*Task to carry out*
Find the string "Arguments" in the records and copy each line where it occurs.

*Information provided*
(* Let $R$ be an associative ring with unity and let $\mathbf{K}=(K,\leq_p)$ and $\mathbf{K}^\star=(K^\star,\leq_p)$ be AECs of left $R$-modules such that $\mathbf{K}^\star$ is closed below $\mathbf{K}$. Then $\mathbf{K}^\star$ admits intersections, and for every $N\in K^\star$ and $A\subseteq N$ we have $cl^N_{\mathbf{K}}(A)=cl^N_{\mathbf{K}^\star}(A)$.
   Context: $\leq_p$ is the pure submodule relation. An AEC $(K,\leq_p)$ admits intersections if for every $N\in K$ and $A\subseteq N$, the module $cl^N_{\mathbf{K}}(A)=\bigcap\{M\in K: M\leq_pN, A\subseteq M\}$ belongs to $K$ and is a pure submodule of $N$. $\mathbf{K}^\star$ is closed below $\mathbf{K}$ if $K^\star\subseteq K$, both $K$ and $K^\star$ are closed under pure submodules, and $\mathbf{K}$ admits intersections. *)

From HB Require Import structures.
From mathcomp Require Import all_boot all_order all_algebra.
Set Implicit Arguments. Unset Strict Implicit. Unset Printing Implicit Defensive.
Import GRing.Theory.
Local Open Scope ring_scope.

Section Defs.
Variable R : pzRingType.

Definition modclass := lmodType R -> Prop.

Definition subset_of (N : lmodType R) (S T : N -> Prop) := forall x, S x -> T x.

Definition submod (N : lmodType R) (S : N -> Prop) :=
  [/\ S 0, (forall x y, S x -> S y -> S (x + y)) & (forall (r : R) x, S x -> S (r *: x))].

Definition solves (N : lmodType R) (m n : nat) (a : 'I_m -> 'I_n -> R)
  (b : 'I_m -> N) (x : 'I_n -> N) := forall i, \sum_(j < n) a i j *: x j = b i.

(* S <=_p T : S is a pure submodule of T (both subsets of an ambient module N):
   every finite linear system with parameters in S solvable in T is solvable in S. *)
Definition pure_sub (N : lmodType R) (S T : N -> Prop) :=
  [/\ submod S, submod T, subset_of S T &
    forall (m n : nat) (a : 'I_m -> 'I_n -> R) (b : 'I_m -> N),
      (forall i, S (b i)) ->
      (exists x : 'I_n -> N, (forall j, T (x j)) /\ solves a b x) ->
      exists x : 'I_n -> N, (forall j, S (x j)) /\ solves a b x].

Definition pure_in (N : lmodType R) (S : N -> Prop) := pure_sub S (fun _ => True).

Definition is_linear (M N : lmodType R) (f : M -> N) :=
  (forall x y, f (x + y) = f x + f y) /\ (forall (r : R) x, f (r *: x) = r *: f x).

(* The submodule S of N belongs to K (i.e. is isomorphic to a member of K). *)
Definition inK (K : modclass) (N : lmodType R) (S : N -> Prop) :=
  exists (M : lmodType R) (f : M -> N),
    [/\ K M, is_linear f, injective f & forall y, S y <-> exists x, f x = y].

Definition cl (K : modclass) (N : lmodType R) (A : N -> Prop) : N -> Prop :=
  fun x => forall S : N -> Prop, inK K S -> pure_in S -> subset_of A S -> S x.

Definition admits_intersections (K : modclass) :=
  forall N : lmodType R, K N -> forall A : N -> Prop,
    inK K (cl K A) /\ pure_in (cl K A).

Definition closed_under_pure_submodules (K : modclass) :=
  forall N : lmodType R, K N -> forall S : N -> Prop, pure_in S -> inK K S.

Definition closed_below (Kstar K : modclass) :=
  [/\ forall M, Kstar M -> K M, closed_under_pure_submodules K,
      closed_under_pure_submodules Kstar & admits_intersections K].

Definition AEC (K : modclass) :=
  [/\
      (forall (M N : lmodType R) (f : M -> N),
          K M -> is_linear f -> bijective f -> K N),
      (forall (N : lmodType R) (S0 S1 S2 : N -> Prop),
          inK K S0 -> inK K S1 -> inK K S2 ->
          subset_of S0 S1 -> pure_sub S0 S2 -> pure_sub S1 S2 -> pure_sub S0 S1),
      (forall (N : lmodType R) (C : (N -> Prop) -> Prop),
          (exists S, C S) ->
          (forall S, C S -> inK K S) ->
          (forall S T, C S -> C T -> pure_sub S T \/ pure_sub T S) ->
          let U := fun x => exists2 S, C S & S x in
          inK K U /\ (forall S, C S -> pure_sub S U) /\
          (forall T, inK K T -> (forall S, C S -> pure_sub S T) -> pure_sub U T)) &
      (* Loewenheim-Skolem axiom, with LS(K) >= |R| + aleph_0 *)
      (exists L : Type,
          [/\ (exists f : R -> L, injective f), (exists g : nat -> L, injective g) &
            forall (N : lmodType R), K N -> forall A : N -> Prop,
              exists S : N -> Prop,
                [/\ inK K S, pure_in S, subset_of A S &
                  exists h : {x : N | S x} -> ({x : N | A x} + L)%type, injective h]])].

End Defs.

From mathcomp Require Import all_boot all_order all_algebra.
From Stdlib Require Import FunctionalExtensionality PropExtensionality.

Set Implicit Arguments.
Unset Strict Implicit.
Unset Printing Implicit Defensive.

(* For N in K^star and A a subset of N, the module cl^N_K(A) is a pure
   submodule of N lying in K; closure of K^star under pure submodules puts it
   in K^star, so it is one of the modules intersected in cl^N_{K^star}(A) and
   the two closures coincide. *)

Section Closure.
Variable R : pzRingType.
Implicit Types (K : modclass R) (N : lmodType R).

Lemma inK_subclass K1 K2 N (S : N -> Prop) :
  (forall M, K1 M -> K2 M) -> inK K1 S -> inK K2 S.
Proof. by move=> K12 [M [f [K1M lin_f inj_f def_S]]]; exists M, f; split; auto. Qed.

Lemma cl_extensive K N (A : N -> Prop) : subset_of A (cl K A).
Proof. by move=> x Ax S _ _; apply. Qed.

Lemma cl_min K N (A S : N -> Prop) :
  inK K S -> pure_in S -> subset_of A S -> subset_of (cl K A) S.
Proof. by move=> KS pS AS x; apply. Qed.

Lemma cl_antimono K1 K2 N (A : N -> Prop) :
  (forall M, K1 M -> K2 M) -> subset_of (cl K2 A) (cl K1 A).
Proof. by move=> K12 x clx S K1S; apply: clx; apply: inK_subclass K1S. Qed.

Section ClosedBelow.
Variables Kstar K : modclass R.
Hypothesis below : closed_below Kstar K.

Lemma inK_pure_cl_closed_below N (A : N -> Prop) :
  Kstar N -> inK Kstar (cl K A) /\ pure_in (cl K A).
Proof.
case: below => Kstar_K _ pure_Kstar intK KstarN.
have [_ pure_cl] := intK N (Kstar_K N KstarN) A.
by split=> //; apply: pure_Kstar.
Qed.

Lemma cl_eq_closed_below N (A : N -> Prop) : Kstar N -> cl K A = cl Kstar A.
Proof.
move=> KstarN; have [Kstar_K _ _ _] := below.
have [Kstar_cl pure_cl] := inK_pure_cl_closed_below A KstarN.
apply: functional_extensionality => x; apply: propositional_extensionality.
split; first exact: cl_antimono Kstar_K x.
exact: cl_min Kstar_cl pure_cl (cl_extensive (A := A)) x.
Qed.

Lemma admits_intersections_closed_below : admits_intersections Kstar.
Proof.
move=> N KstarN A; rewrite -cl_eq_closed_below //.
exact: inK_pure_cl_closed_below.
Qed.

End ClosedBelow.
End Closure.

Theorem proposition5p3 (R : pzRingType) (K Kstar : modclass R) :
  AEC K -> AEC Kstar -> closed_below Kstar K ->
  admits_intersections Kstar /\
  (forall (N : lmodType R), Kstar N -> forall (A : N -> Prop) (x : N),
     cl K A x <-> cl Kstar A x).
Proof.
move=> _ _ below; split; first exact: admits_intersections_closed_below below.
by move=> N KstarN A x; rewrite (cl_eq_closed_below below A KstarN).
Qed.
Lemma exists_two_level_functional n (A : {set 'rV['F_5]_n}) :
  (0 < n)%N -> sum_free (mem A) -> (3 * 5 ^ n.-1 < 2 * #|A|)%N ->
  exists u c, [/\ u != 0, c != 0 & {in A, forall x, dot u x \in [:: c; - c]}].
Proof.
move=> n_gt0 sfA big_A.
pose two_level u c := [forall x in A, dot u x \in [:: c; - c]].
have [/existsP [u /andP [u0 /orP h]] | no_dir] :=
  boolP [exists u, (u != 0) && (two_level u 1 || two_level u 2)].
  by case: h => /forall_inP Au; [exists u, 1 | exists u, 2].
exfalso; have [coll0 dbl0 schur0] := moments0 A.
move: big_A coll0 dbl0 schur0; set m := (5 ^ n.-1)%N; set s := #|A|.
move=> big_A coll0 dbl0 schur0.
pose R u :=
  (m * (48 * collisions A u + 7 * doublings A u) + 70 * schur_triples A u)%N.
pose L := (11 * m * s ^ 2 + 14 * s ^ 3)%N.
have L_le u : u != 0 -> (L <= R u)%N.
  move=> u0; move/existsPn/(_ u): no_dir; rewrite u0 negb_or => /andP [h1 h2].
  by apply: spread_moment_ineq; rewrite ?u0 //; apply: slices_outside.
have sum_R : (\sum_u R u =
    m * (48 * (s * (s + 4) * m) + 7 * (s ^ 2 * m)) + 70 * (s ^ 3 * m))%N.
  rewrite big_split /= -!big_distrr /= big_split /= -!big_distrr /=.
  by rewrite sum_collisions // sum_doublings // sum_schur_triples // card_F5.
have sum_L : (\sum_(u : 'rV['F_5]_n) L = 5 * m * L)%N.
  by rewrite sum_nat_const card_rV card_F5 -expnS prednK.
have : (\sum_(u : 'rV['F_5]_n | u != 0%R) L <=
         \sum_(u : 'rV['F_5]_n | u != 0%R) R u)%N.
  by apply: leq_sum => u /L_le.
rewrite (bigD1 (0 : 'rV['F_5]_n)) //= in sum_L.
rewrite (bigD1 (0 : 'rV['F_5]_n)) //= in sum_R.
move: sum_L sum_R; rewrite /R coll0 dbl0 schur0 /L => sum_L sum_R le_sums.
by apply: averaged_moments_absurd le_sums sum_L sum_R; rewrite ?expn_gt0.
Qed.

Lemma kernel_two_cosets (F : finFieldType) n (A : {set 'rV[F]_n}) u c :
  u != 0 -> c != 0 -> {in A, forall x, dot u x \in [:: c; - c]} ->
  exists H : {set 'rV[F]_n},
    [/\ is_subgroup H, H != setT &
        exists e, e \notin H /\ A \subset coset_add e H :|: coset_add (- e) H].
Proof.
move=> u0 c0 Ac.
have [e] : exists e, e \in [set x | dot u x == c].
  apply/set0Pn; rewrite -card_gt0 card_dot_eq // expn_gt0.
  by apply/orP; left; apply/card_gt0P; exists 0.
rewrite inE => /eqP de.
pose H := [set h | dot u h == 0].
have eH x : (x \in H) = (dot u x == 0) by rewrite inE.
exists H; split.
- split=> [|x y|x]; rewrite !eH ?dot0r ?dotDr ?dotNr //.
    by move=> /eqP -> /eqP ->; rewrite addr0.
  by move=> /eqP ->; rewrite oppr0.
- by apply/negP => /eqP HT; move: (in_setT e); rewrite -HT eH de (negbTE c0).
exists e; split; first by rewrite eH de.
apply/subsetP => x /Ac; rewrite !inE => /orP [] /eqP dx; apply/orP; [left | right].
- by apply/imsetP; exists (x - e); rewrite ?eH ?dotBr ?dx ?de ?subrr // addrC subrK.
- by apply/imsetP; exists (x + e); rewrite ?eH ?dotDr ?dx ?de ?addNr // addrC addrK.
Qed.

Unset Implicit Arguments.

Theorem theorem3 (n : nat) (A : {set Z5n n}) :
  (1 <= n)%N ->
  sum_free (mem A) ->
  (3 * 5 ^ n.-1 < 2 * #|A|)%N ->
  exists H : {set Z5n n},
    [/\ is_subgroup H, H != [set: Z5n n] &
        exists e : Z5n n, e \notin H /\
          A \subset coset_add e H :|: coset_add (- e) H].
Proof.
move=> n_gt0 sfA big_A.
(* 'Z_5 and 'F_5 are convertible, so A is also a set of vectors over 'F_5. *)
have [u [c [u0 c0 Ac]]] := exists_two_level_functional n_gt0 sfA big_A.
exact: kernel_two_cosets u0 c0 Ac.
Qed.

*Finished task*
Set Implicit Arguments. Unset Strict Implicit. Unset Printing Implicit Defensive.
Set Implicit Arguments.
Unset Implicit Arguments.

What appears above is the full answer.